» Action item
The stretch wanted below opens at the line containing "Definition pdist (p" and closes at the line containing "(* Let $D=C_1\cup\dots\cup". Please return it exactly, with no other lines.

Data items:
______________________________
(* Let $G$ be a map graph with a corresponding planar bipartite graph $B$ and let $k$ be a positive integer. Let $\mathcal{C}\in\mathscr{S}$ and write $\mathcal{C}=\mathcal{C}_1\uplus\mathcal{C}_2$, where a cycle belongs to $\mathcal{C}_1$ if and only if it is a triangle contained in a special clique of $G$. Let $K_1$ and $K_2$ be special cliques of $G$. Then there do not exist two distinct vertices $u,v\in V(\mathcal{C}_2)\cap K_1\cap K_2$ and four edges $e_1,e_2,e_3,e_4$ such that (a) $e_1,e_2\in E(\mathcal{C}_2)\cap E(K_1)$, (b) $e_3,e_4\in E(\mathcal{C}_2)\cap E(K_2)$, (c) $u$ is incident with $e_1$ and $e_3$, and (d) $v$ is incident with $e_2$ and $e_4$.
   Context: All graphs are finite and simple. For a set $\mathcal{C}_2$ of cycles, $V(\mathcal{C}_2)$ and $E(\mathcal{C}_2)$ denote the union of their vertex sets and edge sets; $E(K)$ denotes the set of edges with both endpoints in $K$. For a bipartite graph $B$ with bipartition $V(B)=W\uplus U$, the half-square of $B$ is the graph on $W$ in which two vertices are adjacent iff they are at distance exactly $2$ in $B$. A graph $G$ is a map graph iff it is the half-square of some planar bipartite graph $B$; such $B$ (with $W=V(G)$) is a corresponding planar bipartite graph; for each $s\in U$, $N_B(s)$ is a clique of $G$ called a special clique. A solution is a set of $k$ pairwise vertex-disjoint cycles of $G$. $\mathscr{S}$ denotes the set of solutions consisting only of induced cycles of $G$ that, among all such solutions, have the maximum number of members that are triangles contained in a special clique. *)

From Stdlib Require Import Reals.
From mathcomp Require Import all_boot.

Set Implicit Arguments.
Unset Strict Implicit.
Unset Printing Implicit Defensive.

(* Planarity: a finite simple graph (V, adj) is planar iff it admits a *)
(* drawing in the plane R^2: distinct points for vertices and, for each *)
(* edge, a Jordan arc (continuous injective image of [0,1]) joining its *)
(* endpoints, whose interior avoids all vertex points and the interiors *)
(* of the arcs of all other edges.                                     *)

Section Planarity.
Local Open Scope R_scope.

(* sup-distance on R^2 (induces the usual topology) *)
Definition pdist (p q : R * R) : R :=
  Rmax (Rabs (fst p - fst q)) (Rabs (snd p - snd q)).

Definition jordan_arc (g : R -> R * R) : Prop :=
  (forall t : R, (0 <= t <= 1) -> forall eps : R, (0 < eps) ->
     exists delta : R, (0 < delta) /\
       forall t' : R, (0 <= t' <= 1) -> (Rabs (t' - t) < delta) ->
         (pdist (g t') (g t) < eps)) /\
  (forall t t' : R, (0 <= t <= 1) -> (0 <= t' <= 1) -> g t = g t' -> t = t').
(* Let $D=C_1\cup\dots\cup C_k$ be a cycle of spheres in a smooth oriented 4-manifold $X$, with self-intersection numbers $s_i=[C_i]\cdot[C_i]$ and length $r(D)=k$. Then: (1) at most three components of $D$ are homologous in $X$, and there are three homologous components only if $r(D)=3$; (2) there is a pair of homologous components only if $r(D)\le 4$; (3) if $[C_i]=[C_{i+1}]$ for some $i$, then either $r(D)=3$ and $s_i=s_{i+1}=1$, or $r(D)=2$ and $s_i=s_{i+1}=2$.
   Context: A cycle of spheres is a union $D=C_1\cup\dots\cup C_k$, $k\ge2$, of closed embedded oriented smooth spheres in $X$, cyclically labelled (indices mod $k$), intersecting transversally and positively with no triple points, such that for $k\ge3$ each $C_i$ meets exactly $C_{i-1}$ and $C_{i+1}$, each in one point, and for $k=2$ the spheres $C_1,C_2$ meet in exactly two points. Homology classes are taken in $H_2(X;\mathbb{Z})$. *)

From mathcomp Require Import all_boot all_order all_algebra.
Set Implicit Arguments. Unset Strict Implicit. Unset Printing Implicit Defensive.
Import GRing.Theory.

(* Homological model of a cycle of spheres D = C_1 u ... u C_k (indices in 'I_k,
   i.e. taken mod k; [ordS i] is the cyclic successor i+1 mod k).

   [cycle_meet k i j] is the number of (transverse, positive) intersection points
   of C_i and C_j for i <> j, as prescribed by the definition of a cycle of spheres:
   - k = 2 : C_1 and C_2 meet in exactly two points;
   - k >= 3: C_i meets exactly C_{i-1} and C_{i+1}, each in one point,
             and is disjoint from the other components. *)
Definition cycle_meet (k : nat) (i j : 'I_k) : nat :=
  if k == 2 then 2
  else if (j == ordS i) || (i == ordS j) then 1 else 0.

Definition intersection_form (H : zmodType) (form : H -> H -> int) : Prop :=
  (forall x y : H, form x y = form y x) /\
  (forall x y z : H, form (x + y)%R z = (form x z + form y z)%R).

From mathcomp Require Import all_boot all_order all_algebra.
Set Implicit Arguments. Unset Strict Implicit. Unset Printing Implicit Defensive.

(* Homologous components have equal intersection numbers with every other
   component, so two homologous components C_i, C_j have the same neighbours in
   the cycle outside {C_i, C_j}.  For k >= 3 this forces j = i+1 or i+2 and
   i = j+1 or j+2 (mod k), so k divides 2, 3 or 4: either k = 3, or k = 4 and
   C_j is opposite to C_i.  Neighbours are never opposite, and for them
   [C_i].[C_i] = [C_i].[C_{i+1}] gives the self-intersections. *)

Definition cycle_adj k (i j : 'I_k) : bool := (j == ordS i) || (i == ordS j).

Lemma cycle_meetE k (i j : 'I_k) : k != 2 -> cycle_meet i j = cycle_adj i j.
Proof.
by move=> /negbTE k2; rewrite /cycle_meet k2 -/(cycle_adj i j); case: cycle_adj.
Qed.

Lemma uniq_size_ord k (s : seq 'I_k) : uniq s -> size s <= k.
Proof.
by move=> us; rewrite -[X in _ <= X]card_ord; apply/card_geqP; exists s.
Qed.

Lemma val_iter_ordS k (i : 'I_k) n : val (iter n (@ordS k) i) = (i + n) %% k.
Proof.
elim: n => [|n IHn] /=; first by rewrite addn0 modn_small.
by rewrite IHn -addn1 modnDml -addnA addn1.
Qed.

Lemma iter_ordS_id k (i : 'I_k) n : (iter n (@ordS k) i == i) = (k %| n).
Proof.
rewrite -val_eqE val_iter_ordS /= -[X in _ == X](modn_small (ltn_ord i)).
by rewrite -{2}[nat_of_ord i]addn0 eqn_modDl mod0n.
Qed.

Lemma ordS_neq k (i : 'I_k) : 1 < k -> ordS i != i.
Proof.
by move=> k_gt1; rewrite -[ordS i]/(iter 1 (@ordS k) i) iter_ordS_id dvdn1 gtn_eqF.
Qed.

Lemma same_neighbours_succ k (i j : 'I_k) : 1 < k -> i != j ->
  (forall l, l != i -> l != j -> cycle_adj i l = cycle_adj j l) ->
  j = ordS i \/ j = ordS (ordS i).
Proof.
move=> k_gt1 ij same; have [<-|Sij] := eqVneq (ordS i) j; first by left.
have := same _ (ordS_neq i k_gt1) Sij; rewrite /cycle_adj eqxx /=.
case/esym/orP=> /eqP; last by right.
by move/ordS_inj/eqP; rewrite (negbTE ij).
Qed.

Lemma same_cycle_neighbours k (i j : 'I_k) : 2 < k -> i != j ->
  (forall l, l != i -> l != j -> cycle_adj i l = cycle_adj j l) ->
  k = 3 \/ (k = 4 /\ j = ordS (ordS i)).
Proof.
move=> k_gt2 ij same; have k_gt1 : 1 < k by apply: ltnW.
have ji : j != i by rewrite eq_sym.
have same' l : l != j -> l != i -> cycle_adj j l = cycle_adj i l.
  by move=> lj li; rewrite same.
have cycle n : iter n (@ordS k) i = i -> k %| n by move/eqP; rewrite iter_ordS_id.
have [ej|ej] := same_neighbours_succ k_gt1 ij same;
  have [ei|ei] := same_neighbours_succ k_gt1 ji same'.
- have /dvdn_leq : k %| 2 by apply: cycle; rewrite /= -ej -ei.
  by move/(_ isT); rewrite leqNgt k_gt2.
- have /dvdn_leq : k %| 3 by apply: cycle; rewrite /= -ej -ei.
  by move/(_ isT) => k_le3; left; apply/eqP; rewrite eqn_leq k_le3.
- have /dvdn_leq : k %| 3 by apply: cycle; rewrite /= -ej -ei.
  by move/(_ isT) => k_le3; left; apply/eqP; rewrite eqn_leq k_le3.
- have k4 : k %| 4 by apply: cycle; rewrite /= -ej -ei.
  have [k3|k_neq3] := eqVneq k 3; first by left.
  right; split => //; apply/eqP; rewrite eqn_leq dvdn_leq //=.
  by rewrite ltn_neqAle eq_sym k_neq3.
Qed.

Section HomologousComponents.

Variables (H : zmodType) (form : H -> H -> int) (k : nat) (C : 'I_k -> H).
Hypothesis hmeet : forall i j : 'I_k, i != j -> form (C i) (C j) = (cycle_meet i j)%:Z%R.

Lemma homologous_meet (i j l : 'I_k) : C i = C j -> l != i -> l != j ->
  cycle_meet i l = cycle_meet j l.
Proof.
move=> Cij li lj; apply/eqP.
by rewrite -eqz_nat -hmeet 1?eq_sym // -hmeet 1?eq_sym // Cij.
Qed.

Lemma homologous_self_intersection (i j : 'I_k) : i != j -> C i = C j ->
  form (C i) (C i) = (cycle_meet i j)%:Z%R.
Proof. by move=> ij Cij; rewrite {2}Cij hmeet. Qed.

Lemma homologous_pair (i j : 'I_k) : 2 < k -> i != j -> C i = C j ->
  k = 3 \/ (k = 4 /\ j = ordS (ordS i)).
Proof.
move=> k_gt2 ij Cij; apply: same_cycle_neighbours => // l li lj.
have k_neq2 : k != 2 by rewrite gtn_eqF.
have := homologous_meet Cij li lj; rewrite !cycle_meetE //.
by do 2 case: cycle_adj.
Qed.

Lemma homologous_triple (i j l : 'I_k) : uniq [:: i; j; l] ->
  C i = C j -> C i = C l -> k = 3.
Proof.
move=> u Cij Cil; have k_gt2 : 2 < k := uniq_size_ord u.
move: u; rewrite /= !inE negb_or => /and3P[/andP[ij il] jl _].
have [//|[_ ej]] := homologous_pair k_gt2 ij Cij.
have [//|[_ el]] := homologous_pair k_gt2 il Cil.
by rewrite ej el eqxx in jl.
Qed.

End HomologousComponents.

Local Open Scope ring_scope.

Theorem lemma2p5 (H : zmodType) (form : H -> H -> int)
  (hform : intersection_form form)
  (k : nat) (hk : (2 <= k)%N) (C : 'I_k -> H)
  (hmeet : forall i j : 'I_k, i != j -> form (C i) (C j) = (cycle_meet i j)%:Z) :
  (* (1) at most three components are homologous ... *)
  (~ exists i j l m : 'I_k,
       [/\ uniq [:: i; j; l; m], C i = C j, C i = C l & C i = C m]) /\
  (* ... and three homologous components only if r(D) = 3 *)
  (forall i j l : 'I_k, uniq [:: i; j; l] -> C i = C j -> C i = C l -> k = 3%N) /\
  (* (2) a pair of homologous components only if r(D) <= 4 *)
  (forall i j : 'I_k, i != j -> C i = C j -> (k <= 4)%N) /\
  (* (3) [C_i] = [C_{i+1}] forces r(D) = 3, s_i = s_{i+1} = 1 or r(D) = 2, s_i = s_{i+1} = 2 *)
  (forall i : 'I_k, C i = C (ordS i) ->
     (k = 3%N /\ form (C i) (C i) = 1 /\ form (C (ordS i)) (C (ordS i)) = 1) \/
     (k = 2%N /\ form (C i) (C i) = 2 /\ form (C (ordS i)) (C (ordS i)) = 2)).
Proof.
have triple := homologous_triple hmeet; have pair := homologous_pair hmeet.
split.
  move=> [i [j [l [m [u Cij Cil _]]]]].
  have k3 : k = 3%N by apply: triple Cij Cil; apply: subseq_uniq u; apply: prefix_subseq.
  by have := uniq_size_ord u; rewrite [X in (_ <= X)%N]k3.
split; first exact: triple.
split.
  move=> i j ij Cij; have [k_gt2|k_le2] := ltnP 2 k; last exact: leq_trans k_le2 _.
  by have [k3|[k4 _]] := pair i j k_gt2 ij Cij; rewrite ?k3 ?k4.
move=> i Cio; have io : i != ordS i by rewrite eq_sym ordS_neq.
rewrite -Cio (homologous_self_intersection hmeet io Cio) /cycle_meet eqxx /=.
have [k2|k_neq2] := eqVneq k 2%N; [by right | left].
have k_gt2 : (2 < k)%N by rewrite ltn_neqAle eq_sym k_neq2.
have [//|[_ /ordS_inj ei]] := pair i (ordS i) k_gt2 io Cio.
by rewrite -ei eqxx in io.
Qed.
______________________________
» Output below
Definition pdist (p q : R * R) : R :=
  Rmax (Rabs (fst p - fst q)) (Rabs (snd p - snd q)).

Definition jordan_arc (g : R -> R * R) : Prop :=
  (forall t : R, (0 <= t <= 1) -> forall eps : R, (0 < eps) ->
     exists delta : R, (0 < delta) /\
       forall t' : R, (0 <= t' <= 1) -> (Rabs (t' - t) < delta) ->
         (pdist (g t') (g t) < eps)) /\
  (forall t t' : R, (0 <= t <= 1) -> (0 <= t' <= 1) -> g t = g t' -> t = t').
(* Let $D=C_1\cup\dots\cup C_k$ be a cycle of spheres in a smooth oriented 4-manifold $X$, with self-intersection numbers $s_i=[C_i]\cdot[C_i]$ and length $r(D)=k$. Then: (1) at most three components of $D$ are homologous in $X$, and there are three homologous components only if $r(D)=3$; (2) there is a pair of homologous components only if $r(D)\le 4$; (3) if $[C_i]=[C_{i+1}]$ for some $i$, then either $r(D)=3$ and $s_i=s_{i+1}=1$, or $r(D)=2$ and $s_i=s_{i+1}=2$.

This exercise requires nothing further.